Sunday, March 04, 2007

No pics for today. I'm updating from one of the e-stops at central :( ... been a long while since the last post but just wanted to let you know I'm not dead in this little far-flung country, yet LOL! Flat hasn't got it's Internet connection yet unfortunately, and Chyi's signed us up with some obscure company that I've never heard off (yet was present all this while on my never-used eftpos card :S, but heck, I've never used it man, how would I know it was there?!) called Whoosh under their unlimited broadband plan, strings attached of course. Don't really care, as long as I can do my once-weekly skyping.

The three other ladies are in the flat already. I'm beginning to miss having the flat all to myself. For one I can control at least what happens around there. I don't want to have to keep on coming back and then finding that the hot water tap in the bathroom has been left to run all night until there's only cool water left. Twice already, and I don't want to know what sort of hole that's gonna burn in my pockets. Whoever you are, if you are reading this, you know what to do! Notes on the fridge as well.

Nat's birthday was on Monday of this week. Was rather out of ideas what to get for her, and bookworm that she is, she can have more books to chomp on. Just as well puppy helped out with the choosing. Funny how Sh and I reached for the same little book at the same time as well. Hmm... dare I venture with the comment that great minds think alike? *grins*

Q's birthday was a blast. Ambushed her place at midnight with the cheesecake we got off Govrnors. Who would have thought that they would make such great cakes? And that they open well into the night? At least it makes things simpler. Will put up a picture of it soon as well. Omani cooked the birthday dinner that night as well. *jaw drops, drool drips out* This woman is something in the kitchen I tell you, you've just got to envy Q's dad for getting her... though I doubt if she would want to go out with me anyways lol! Not only does she do Korean, she makes fusion seem a piece of cake as well! *claps in admiration*

Chap Goh Mei today. Will be heading over to Cl's for steamboat later in the day. Meat all prepared and marinated yesterday and so has the glutinous rice balls. Only thing left is to get the veggies done but that can be taken care of easily at Cl's place. Haha, and I'll finally get to see how the house is like after the clean-up they did.

Brain dissections twice so far. I'm not sure if it's just my sense of smell is going wacky or something, but during the first one, I'm absolutely certain I smelt something that was exactly like the black vinegar that people like to chuck into those shark-fin soups. Thinking about it now makes me want to gag, especially when I've never liked it all that much in the first place. There's also the ever 'omnipresent' melted margarine smell as usual, and I'm very surprised at how... juicy the dissection was. It wasn't necrotic of course, just plenty of clear juice, unlike that from the body. And there's this sickening crunching sort of sound when you pry the top of the skull off the head.... think the thigh bone being crunched off or wrenched out of its socket when you eat your chicken thigh at KFC... ugh! And golly, someone had just to tell me that the brain had the consistency of tofu, not that it wasn't at the back of my mind since the first second I stuck out my finger and poked at it. Worse still, the path text book just have to mention the same thing as well... it'll be ages before I want to chomp on some tofu now. Though once I've finished up the meat in the fridge, I'll want to see how long I can survive on eggs and tofu and all the other veggie protein I can find before I start craving for meat again. But then that's still some time away....
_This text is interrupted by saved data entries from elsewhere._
(* No nonzero $E$-linear code of length $2n$ is both left symplectic nice and right symplectic nice.
   Context: $E=\langle \kappa,\tau \mid 2\kappa=2\tau=0,\ \kappa^2=\kappa,\ \tau^2=\tau,\ \kappa\tau=\kappa,\ \tau\kappa=\tau\rangle$ is the non-unital ring $\{0,\kappa,\tau,\zeta\}$ ($|E|=4$), $\zeta=\kappa+\tau$, with $e\kappa=e\tau=e$, $e\zeta=0$ for all $e\in E$. An $E$-linear code of length $2n$ is a left $E$-submodule $C\subseteq E^{2n}$. Symplectic inner product: for $x=(u|v),y=(u'|v')\in E^{2n}$, $\langle x,y\rangle_s=\sum_i u_iv'_i+\sum_i v_iu'_i$. $C^{\perp_{S_L}}=\{z\in E^{2n}:\langle z,w\rangle_s=0\ \forall w\in C\}$, $C^{\perp_{S_R}}=\{z\in E^{2n}:\langle w,z\rangle_s=0\ \forall w\in C\}$. $C$ is left (resp. right) symplectic nice if $|C|\,|C^{\perp_{S_L}}|=|E|^{2n}$ (resp. $|C|\,|C^{\perp_{S_R}}|=|E|^{2n}$). *)

From HB Require Import structures.
From mathcomp Require Import all_boot.
Set Implicit Arguments. Unset Strict Implicit. Unset Printing Implicit Defensive.

(* The non-unital ring E = {0, kappa, tau, zeta}, zeta = kappa + tau,
   with 2k = 2t = 0, k^2 = k, t^2 = t, k t = k, t k = t.
   Multiplication table: e * kappa = e * tau = e, e * zeta = 0, e * 0 = 0. *)
Inductive E := E0 | Ek | Et | Ez.

Definition E_to (x : E) : bool * bool :=
  match x with E0 => (false, false) | Ek => (true, false)
             | Et => (false, true) | Ez => (true, true) end.
Definition E_of (p : bool * bool) : E :=
  match p with (false, false) => E0 | (true, false) => Ek
             | (false, true) => Et | (true, true) => Ez end.
Lemma E_toK : cancel E_to E_of. Proof. by case. Qed.

HB.instance Definition _ := Countable.copy E (can_type E_toK).
HB.instance Definition _ := Finite.copy E (can_type E_toK).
Rostered for the special hymn today. Gaah.... there seems to be no escape. I don't want to take the other option that I can think of though, just being absent like some people. But then going still is kinda going against ... my essence (?) .... It's all and fine to think that it's just a bunch of songs and words that I'm singing or listening to, but in the end singing and listening to stuff like that without meaning them is equal to wasting my time and others as well, not to mention it's not being fair on my senses. Music is made to be loved, enjoyed and to create genuine emotion as well. *grimace* Not to mention I haven't been doing much about practising as well. Shame on me. I've been fooling about a bit much for the past few days. Will need to get a bit more serious soon.

HX is not really up and running yet. SL is supposedly to take care of the admin side of things this year.... but then to tell the truth I'm not up for it this year. Practising and performing perhaps, but nothing fancy. I can't handle the stress for another year, too much burnt last year and I'm still feeling sick from it. Stress levels bumped up everytime I think about it, not to mention the prospect of having to sing in front of people later today doesn't actually do wonders for my graying strands.

Miss you all back home, and hugs to the little 'pombelo'... dooshi dooshi kwee~!